Non-social bees (solitary bees) collect pollen during the periods when they lay eggs and take care of the young caterpillars, while when they are free from these maternal duties, they feed mainly on nectar. And here, the researchers found that among the active honeybees, it is possible to identify those that collect pollen the most and those that collect nectar the most. The researchers compared these two groups of workers, and also examined two strains of bees that Robert Page (Page, one of the authors of the current article in Nature) had previously cultivated for the primary collection of pollen or for the multiple collection of nectar.

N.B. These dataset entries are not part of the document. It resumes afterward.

Theorem mainTheorem7 (R : realType)
  (dO : measure_display) (Omega : measurableType dO) (P : probability Omega R)
  (dT : measure_display) (T : measurableType dT)
  (X : Omega -> T) (A M Y : Omega -> bool)
  (Mp : bool -> Omega -> bool) (Yp : bool -> bool -> Omega -> bool)
  (q : T -> outcome -> R) :
  measurable_fun setT X ->
  (forall o, measurable (data A M Y Mp Yp @^-1` [set o])) ->
  is_cond_dist P X (data A M Y Mp Yp) q ->
  (* (A1) consistency *)
  (forall w a m, A w = a -> M w = m -> Y w = Yp a m w) ->
  (forall w a, A w = a -> M w = Mp a w) ->
  (* (A2) monotonicity *)
  (forall w, (Yp true false w -> Yp true true w) /\
             (Yp false false w -> Yp true false w) /\
             (Yp false true w -> Yp true true w) /\
             (Mp false w -> Mp true w)) ->
  (* (A3) A independent of all potential variables given X *)
  {ae P, forall w, cindep q (X w) oA oPO} ->
  (* (A4) potential outcomes independent of potential mediators given X *)
  {ae P, forall w, cindep q (X w) oYs oMs} ->
  (* (A5) and (A6) *)
  (exists eps : R, 0 < eps /\
     {ae P, forall w, forall a m : bool,
        eps <= cP q (X w) (fun o => (oA o == a) && (oM o == m))} /\
     {ae P, forall w, eps <= ccP q (X w) (fun o => oY o) (fun o => oA o && oM o)}) ->
  {ae P, forall w,
     psiX q (X w) =
       ccP q (X w) (fun o => ~~ oYp true false o) (fun o => oYp true true o && oMp true o)
       * ccP q (X w) (fun o => ~~ oMp false o) (fun o => oMp true o)
     /\ psiX q (X w) <= ccP q (X w) (fun o => ~~ oMp false o) (fun o => oMp true o)
     /\ ccP q (X w) (fun o => ~~ oMp false o) (fun o => oMp true o)
        = 1 - gammaX q false (X w) / gammaX q true (X w)}.
Proof.
move=> mX _ qX cY cM mono A_indep PO_indep [eps [eps_gt0 [overlap _]]].
have [q_ge0 _] := qX.
have q_consistent := cond_dist_supported mX qX (consistent_data cY cM mono).
have overlap_gt0 : {ae P, forall w, forall a m : bool,
    0 < cP q (X w) (fun o => (oA o == a) && (oM o == m))}.
  by apply: filterS overlap => w eps_le a m; exact: lt_le_trans (eps_le a m).
apply: filter_app3 A_indep PO_indep overlap_gt0.
apply: filterS q_consistent => w q_cons A_ind PO_ind ovl.
split; first exact: psiX_consistent.
split; first exact: psiX_le_ccP_M0.
exact: ccP_M0_given_M1.
Qed.
Lemma npaths_scaling_one_cons (B T : word) x : onefree B -> onefree T -> wordr r x ->
  (\sum_(i <- iota 0 r) npaths r k (B ++ oneL i :: T) x) * r ^ size x =
  r ^ size (B ++ oneL 0 :: T) * npaths 1 k (B ++ oneL 0 :: T) (s x).
Proof.
move=> hB hT hx; set n := (size T).+1.
have split_free r' i y : npaths r' k (B ++ oneL i :: T) y = nfree r' k (B ++ oneL i :: T) y +
    (y == cut y n ++ oneL i :: T) * npaths r' k B (cut y n).
  by rewrite -npaths_avoid_onefree // /npaths /nfree -count_split.
rewrite (eq_bigr _ (fun i _ => split_free r i x)) split_free big_split mulnDl mulnDr /=.
apply: f_equal2.
  apply: sum_iota_mul_eq => // i hi.
  have hw : wordr r (B ++ oneL i :: T) by rewrite wordr_cat wordr_onefree //= hi wordr_onefree.
  have ew : e (B ++ oneL i :: T) = 1.
    by rewrite e_cat e_onefree // -[e (_ :: T)]/(1 + e T) e_onefree.
  have sw : s (B ++ oneL i :: T) = B ++ oneL 0 :: T.
    by rewrite s_cat (s_onefree hB) -[s (_ :: T)]/(oneL 0 :: s T) (s_onefree hT).
  by have := IH hw hx; rewrite ew sw addn1 expnSr !size_cat.
rewrite -[\sum_(i <- _) _ * _]big_distrl /= sum_eq_cut_one //.
case: eqP => [hsx|]; rewrite ?muln0 // !mul1n.
have hsize : size x = size (cut x n) + n.
  by move/(congr1 size): hsx; rewrite size_cat cut_s !size_s.
rewrite cut_s hsize expnD mulnA npaths_scaling ?wordr_take //.
by rewrite size_cat /= -/n expnD mulnAC.
Qed.

Lemma nfree_scaling_onefree z x : onefree z -> wordr r x ->
  nfree r k.+1 z x * r ^ (size x + e z) = r ^ size z * nfree 1 k.+1 (s z) (s x).
Proof.
move=> hz hx; rewrite e_onefree // !nfree_onefree ?onefree_s // s_onefree //.
rewrite addn0 !npathsS !sum_down; move: (hz); rewrite /onefree => /negbTE ->.
rewrite !add0n big_distrl big_distrr /=.
apply: eq_big_seq => j; rewrite mem_iota hasNfind ?(negbT hz) // => /andP[_ hj].
rewrite big_seq1 set_nthE hj; under eq_bigr do rewrite set_nthE hj.
have hT : onefree (drop j.+1 z).
  by move: hz; rewrite -{1}(cat_take_drop j.+1 z) onefree_cat => /andP[].
have hB : onefree (take j z).
  by move: hz; rewrite -{1}(cat_take_drop j z) onefree_cat => /andP[].
rewrite npaths_scaling_one_cons // size_cat /= size_take size_drop hj.
by congr (_ ^ _ * _); lia.
Qed.

Lemma free_scalingS : free_scaling r k.+1.
Proof.
move=> z x hz hx; have [hz1|hz1] := boolP (onefree z); first exact: nfree_scaling_onefree.
have hone : has is_one z by rewrite -[has _ _]negbK.
rewrite !nfreeS ?onefree_s // !sum_down has_one_s find_s del_one_s hone.
rewrite mulnDl mulnDr big_distrl big_distrr /=; congr (_ + _).
  have hw : wordr r (del_one z) by apply: wordr_down hz _; apply/downP; left.
  have := IH hw hx; rewrite e_del_one // size_del_one // => h.
  have he : 0 < e z by rewrite lt0n e_eq0.
  have hs : 0 < size z by move: hone; rewrite has_find; lia.
  by rewrite -(prednK he) -(prednK hs) addnS !expnS mulnCA h mulnA.
apply: eq_big_seq => j; rewrite mem_iota => /andP[_ hj]; rewrite big_seq1.
apply: sum_iota_mul_eq => // i hi.
have hw : wordr r (set_nth two z j (oneL i)).
  by apply: wordr_down hz _; apply/downP; right; exists j, i.
have := IH hw hx.
by rewrite e_set_nth // size_set_nth_in ?ltn_find_size // set_nth_s addnS expnSr.
Qed.

End Step.

Lemma nfree_scaling k : free_scaling r k.
Proof. by elim: k => [|k]; [exact: free_scaling0 | exact: free_scalingS]. Qed.

End FreeScaling.

(** * Paths whose words do not all end alike *)

Definition nvarying r k z x :=
  count (fun p => (last [::] p == x) && ~~ same_end p) (paths r k z).
Definition nfree_same_end r k z x :=
  count (fun p => (last [::] p == x) && has onefree p && same_end p) (paths r k z).

Lemma last_one_split z : has is_one z -> exists B i T, z = B ++ oneL i :: T /\ onefree T.
Proof.
elim: z => [|a z IH] //=; case hz: (has is_one z) => ha.
  by case: (IH hz) => B [i [T [-> hT]]]; exists (a :: B), i, T.
by case: a ha => [i|] //= _; exists [::], i, z; rewrite /onefree hz.
Qed.

Lemma avoid_onefree_same_end r k z p : p \in paths r k z -> ~~ has onefree p -> same_end p.
Proof.
move=> hp hp0; case/paths_head: (hp) => p' ep.
have hz : has is_one z by move: hp0; rewrite ep /= negb_or /onefree negbK => /andP[].
have [B [i [T [ez hT]]]] := last_one_split hz.
have hall : all (suffix (oneL i :: T)) p.
  by apply: (@avoid_onefree_suffix r k i B T p hT _ hp0); rewrite -ez.
have ends w : suffix (oneL i :: T) w -> ends_with (last two z) w.
  by case/suffixP => w' ->; rewrite /ends_with ez !last_cat /= eqxx andbT; case: w'.
rewrite ep /same_end; apply/andP; split; first by rewrite ez; case: B {ez}.
by apply/allP => w hw; apply: ends; apply: (allP hall); rewrite ep.
Qed.

Lemma nfree_varying r k z x : nfree r k z x = nvarying r k z x + nfree_same_end r k z x.
Proof.
rewrite /nfree /nvarying (count_split _ same_end) addnC; congr (_ + _).
apply: eq_in_count => p hp /=; case hs: (same_end p); rewrite ?andbF //= !andbT.
case h0: (has onefree p); rewrite ?andbT //.
by rewrite (avoid_onefree_same_end hp) ?h0 in hs.
Qed.

Lemma ends_with_suffix a w : ends_with a w = suffix [:: a] w.
Proof.
case/lastP: w => [|w b] //; rewrite /ends_with last_rcons -cats1.
rewrite -[[:: a]]/([::] ++ [:: a]) suffix_catl // suffix0s eqseq_cons eqxx andbT.
by rewrite [b == a]eq_sym andbT; case: w.
Qed.

Lemma same_end_rcons Z a p : same_end (rcons Z a :: p) = all (suffix [:: a]) (rcons Z a :: p).
Proof.
rewrite /same_end last_rcons (eq_all (ends_with_suffix a)).
by have -> : (rcons Z a != [::]) = true by case: Z.
Qed.

Lemma nfree_same_end_nil r k x : nfree_same_end r k [::] x = 0.
Proof. by apply: count_paths_nil => p; rewrite /= andbF. Qed.

Lemma nfree_same_end_rcons r k Z a x : nfree_same_end r k (rcons Z a) x =
  ((a == two) && (x == cut x 1 ++ [:: a])) * nfree r k Z (cut x 1).
Proof.
rewrite /nfree_same_end (eq_in_count (a2 := fun p =>
    all (suffix [:: a]) p && ((last [::] p == x) && has onefree p))); last first.
  by move=> p /paths_head [p' ->]; rewrite same_end_rcons andbC.
rewrite -cats1 count_paths_suffix /nfree -count_andl.
apply: eq_in_count => p /paths_head [p' ->].
have -> : has onefree (map (cat^~ [:: a]) (Z :: p')) = (a == two) && has onefree (Z :: p').
  case: a => [i|]; last by rewrite andTb has_map; apply: eq_has => w /=; rewrite onefree_cat andbT.
  by rewrite andFb; apply/negbTE/hasPn => w /mapP [w' _ ->]; rewrite onefree_cat andbF.
rewrite /= (last_map (cat^~ _)) cat_eq_cut /=.
by case: (a == two); rewrite ?andbF //= andbA.
Qed.
Definition letter_src (l : letter) (a b : nat) : nat * nat :=
  match l with
  | Transp => (b, a)
  | BandSwap => (adj_swap true a, b)
  | PillarSwap => (a, adj_swap true b)
  | _ => (a, b)
  end.

Definition letter_sq (l : letter) (a b : nat) : seq nat -> seq nat :=
  match l with
  | Transp => sq_transpose
  | RowSwap a0 s => if a == a0 then sq_swap_rows s else id
  | ColSwap b0 s => if b == b0 then sq_swap_cols s else id
  | _ => id
  end.

Definition letter_act (l : letter) (K : nat -> nat -> seq nat) (a b : nat) : seq nat :=
  letter_sq l a b (K (letter_src l a b).1 (letter_src l a b).2).

Definition word_act (w : word) (K : nat -> nat -> seq nat) : nat -> nat -> seq nat :=
  foldl (fun K l => letter_act l K) K w.

Lemma word_act_cat w1 w2 K : word_act (w1 ++ w2) K = word_act w2 (word_act w1 K).
Proof. by rewrite /word_act foldl_cat. Qed.

Definition closed_under (l : letter) (P : nat -> nat -> bool) : Prop :=
  forall a b, P a b -> P (letter_src l a b).1 (letter_src l a b).2.

Lemma word_act_local (L : pred letter) (P : nat -> nat -> bool) (w : word)
    (K K' : nat -> nat -> seq nat) :
  all L w -> (forall l, L l -> closed_under l P) ->
  (forall a b, P a b -> K a b = K' a b) ->
  forall a b, P a b -> word_act w K a b = word_act w K' a b.
Proof.
move=> Lw HL; elim: w Lw K K' => [|l w IH] //= /andP [Ll Lw] K K' E.
by apply: IH => // a b Hab; rewrite /letter_act E //; apply: HL.
Qed.

Lemma word_act_fixed (L : pred letter) (w : word) a b :
  all L w -> (forall l K, L l -> letter_act l K a b = K a b) ->
  forall K, word_act w K a b = K a b.
Proof.
move=> Lw HL; elim: w Lw => [|l w IH] //= /andP [Ll Lw] K.
by rewrite IH // HL.
Qed.

Definition in_grid (a b : nat) : bool := (a < 3) && (b < 3).

Lemma grid_closed l : closed_under l in_grid.
Proof.
move=> a b /andP [Ha Hb].
by case: l => [|? ?|? ?||]; rewrite /in_grid /= ?adj_swap_lt ?Ha ?Hb.
Qed.

Lemma latin_letter_act l K : latin K -> latin (letter_act l K).
Proof.
case/latinP=> Hr Hc; apply/latinP; rewrite /letter_act; case: l => [|a0 s|b0 s||] /=.
- split=> [a b b' Ha Hb Hb' Hbb|a a' b Ha Ha' Hb Haa].
    by apply: rows_disjoint_transpose; apply: Hc.
  by apply: cols_disjoint_transpose; apply: Hr.
- split=> [a b b' Ha Hb Hb' Hbb|a a' b Ha Ha' Hb Haa].
    by case: ifP => _; [apply: rows_disjoint_swap_rows|]; apply: Hr.
  have H := Hc a a' b Ha Ha' Hb Haa.
  case: ifP => _; first apply: cols_disjoint_swap_rows;
    by case: ifP => _ //; rewrite cols_disjointC; apply: cols_disjoint_swap_rows;
       rewrite cols_disjointC.
- split=> [a b b' Ha Hb Hb' Hbb|a a' b Ha Ha' Hb Haa]; last first.
    by case: ifP => _; [apply: cols_disjoint_swap_cols|]; apply: Hc.
  have H := Hr a b b' Ha Hb Hb' Hbb.
  case: ifP => _; first apply: rows_disjoint_swap_cols;
    by case: ifP => _ //; rewrite rows_disjointC; apply: rows_disjoint_swap_cols;
       rewrite rows_disjointC.
- split=> [a b b' Ha Hb Hb' Hbb|a a' b Ha Ha' Hb Haa]; first by apply: Hr; rewrite ?adj_swap_lt.
  apply: Hc; rewrite ?adj_swap_lt //.
  by apply: contra Haa => /eqP /(congr1 (adj_swap true)); rewrite !adj_swapK => ->.
- split=> [a b b' Ha Hb Hb' Hbb|a a' b Ha Ha' Hb Haa]; last by apply: Hc; rewrite ?adj_swap_lt.
  apply: Hr; rewrite ?adj_swap_lt //.
  by apply: contra Hbb => /eqP /(congr1 (adj_swap true)); rewrite !adj_swapK => ->.
Qed.

Definition magic_grid (K : nat -> nat -> seq nat) : Prop :=
  forall a b, in_grid a b -> K a b \in magic_squares.

Lemma magic_letter_act l K : magic_grid K -> magic_grid (letter_act l K).
Proof.
move=> HK a b Hab; have := HK _ _ (grid_closed l Hab); rewrite /letter_act.
case: l => [|a0 s|b0 s||] //= Hm; first exact: magic_transpose.
  by case: ifP => _ //; apply: magic_swap_rows.
by case: ifP => _ //; apply: magic_swap_cols.
Qed.

Lemma latin_word_act w K : latin K -> latin (word_act w K).
Proof. by elim: w K => [|l w IH] K //= HK; apply: IH; apply: latin_letter_act. Qed.
Lemma tau_word_s_mul_s w :
  tau (word_s w * s i) =
  \sum_(0 <= t < size w) (if nth i w t == i then
    tau (word_s (take t w)) * tau (word_s (drop t.+1 w)) else 0).
Proof.
have /eqP := sd_defect_eq0 (letters w).
rewrite /sd_defect subr_eq0 word_val_letters contractions_letters => /eqP ->.
by apply: eq_bigr => t _; rewrite mul1r mulr1.
Qed.

End FreeSemicircularWords.

Section PartialTrace.
Variables (R : realType) (A : algType R[i]) (tau : A -> R[i]) (d : nat).
Hypothesis tau_lin : forall (a b : A) (c : R[i]), tau (c *: a + b) = c * tau a + tau b.

Lemma tensM (M N : 'M[R[i]]_d) (a b : A) : tens M a * tens N b = tens (M *m N) (a * b).
Proof.
apply/matrixP => x y; rewrite /tens -mulmxE !mxE scaler_suml.
by apply: eq_bigr => z _; rewrite !mxE -scalerAl -scalerAr scalerA.
Qed.

Lemma tens1 : tens (1%:M : 'M_d) (1 : A) = 1.
Proof. by apply/matrixP => x y; rewrite !mxE; case: eqP; rewrite ?scale1r ?scale0r. Qed.

Lemma tens0 (a : A) : tens (0 : 'M_d) a = 0.
Proof. by apply/matrixP => x y; rewrite !mxE scale0r. Qed.

Lemma ptrD (X Y : 'M[A]_d) : ptr tau (X + Y) = ptr tau X + ptr tau Y.
Proof. by apply/matrixP => x y; rewrite !mxE (tauD tau_lin). Qed.

Lemma ptr_sum (I : Type) (r : seq I) (P : pred I) (F : I -> 'M[A]_d) :
  ptr tau (\sum_(k <- r | P k) F k) = \sum_(k <- r | P k) ptr tau (F k).
Proof.
apply: (big_morph _ ptrD); apply/matrixP => x y; rewrite !mxE; exact: tau0.
Qed.

Lemma ptr_tens (M : 'M_d) a : ptr tau (tens M a) = tau a *: M.
Proof. by apply/matrixP => x y; rewrite !mxE (tauZ tau_lin) mulrC. Qed.

Lemma ptr_mul_tens1 (P : 'M[A]_d) M : ptr tau (P * tens M 1) = ptr tau P *m M.
Proof.
apply/matrixP => x y; rewrite /ptr /tens -mulmxE !mxE (tau_sum tau_lin).
by apply: eq_bigr => z _; rewrite !mxE -scalerAr mulr1 (tauZ tau_lin) mulrC.
Qed.

Lemma ptr_tens1_mul (P : 'M[A]_d) M : ptr tau (tens M 1 * P) = M *m ptr tau P.
Proof.
apply/matrixP => x y; rewrite /ptr /tens -mulmxE !mxE (tau_sum tau_lin).
by apply: eq_bigr => z _; rewrite !mxE -scalerAl mul1r (tauZ tau_lin).
Qed.

End PartialTrace.

Section PencilProducts.
Variables (R : realType) (A : algType R[i]) (tau : A -> R[i]) (n d : nat) (s : 'I_n -> A).
Hypothesis tau_lin : forall (a b : A) (c : R[i]), tau (c *: a + b) = c * tau a + tau b.
Hypothesis tau1 : tau 1 = 1.
Hypothesis tau_s_even : forall j m, tau (s j ^+ m.*2) = (catalan m)%:R.
Hypothesis tau_s_odd : forall j m, tau (s j ^+ m.*2.+1) = 0.
Hypothesis s_free : free_family tau s.

Notation phi := (ptr tau).
Notation coefs := (option 'I_n -> 'M[R[i]]_d).

Definition pencil (m : coefs) : 'M[A]_d :=
  tens (m None) 1 + \sum_(j < n) tens (m (Some j)) (s j).

Definition pencil_prod (Ms : seq coefs) : 'M[A]_d := \prod_(m <- Ms) pencil m.

Lemma pencil_prod_nil : pencil_prod [::] = 1.
Proof. exact: big_nil. Qed.

Lemma pencil_prod_cat Ms Ms' : pencil_prod (Ms ++ Ms') = pencil_prod Ms * pencil_prod Ms'.
Proof. exact: big_cat. Qed.

Lemma pencil_prod_cons m Ms : pencil_prod (m :: Ms) = pencil m * pencil_prod Ms.
Proof. exact: big_cons. Qed.

Lemma word_s_rcons w j : word_s s (rcons w j) = word_s s w * s j.
Proof. by rewrite /word_s -cats1 big_cat big_seq1. Qed.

It turned out that both in the worker bees of normal honey bees, and in strains specially cultivated to prefer pollen or nectar, the pollen collections have a higher affinity for fertility than the nectar collections, so that the two types of workers represent different stages in the life of a solitary bee. This is manifested in the fact that the ovaries of the pollen collectors are more developed than the ovaries of the nectar collectors, and they also produce a larger amount of the protein vitellogenin, which is used as a raw material to create the egg yolk. And yet: when the pollen collections reach the age of leaving the hive to collect food, their "blood" (insect blood does not contain hemoglobin, is not red, and is called hemolymph) contains a relatively high level of the youth hormone, a hormone responsible for sexual maturation in insects, compared to the nectar collections.
As mentioned, workers do not lay eggs even though there are ovaries in their bodies - the presence of a queen suppresses (through pheromones) the production of eggs among the workers. And here, when the researchers transferred bees to colonies (hives) that were without a queen, about two weeks later it was found that a very high percentage of the pollen collectors had active ovaries, while the percentage of the nectar collecting workers whose ovaries became active was much lower.
Gro Amdam and her colleagues did not pretend, of course, to decipher all the details of the evolutionary path that led from solitary, non-social bees to the honey bee society, but according to them they identified the beginning of the path, the starting point for the evolution of an altruistic society. According to them, the reproductive behavior of the ancient bees, who did not live in societies like today's honey bees, and its connection to a preference for protein or sugary food, is the bridgehead for the formation of the complex honey bee society.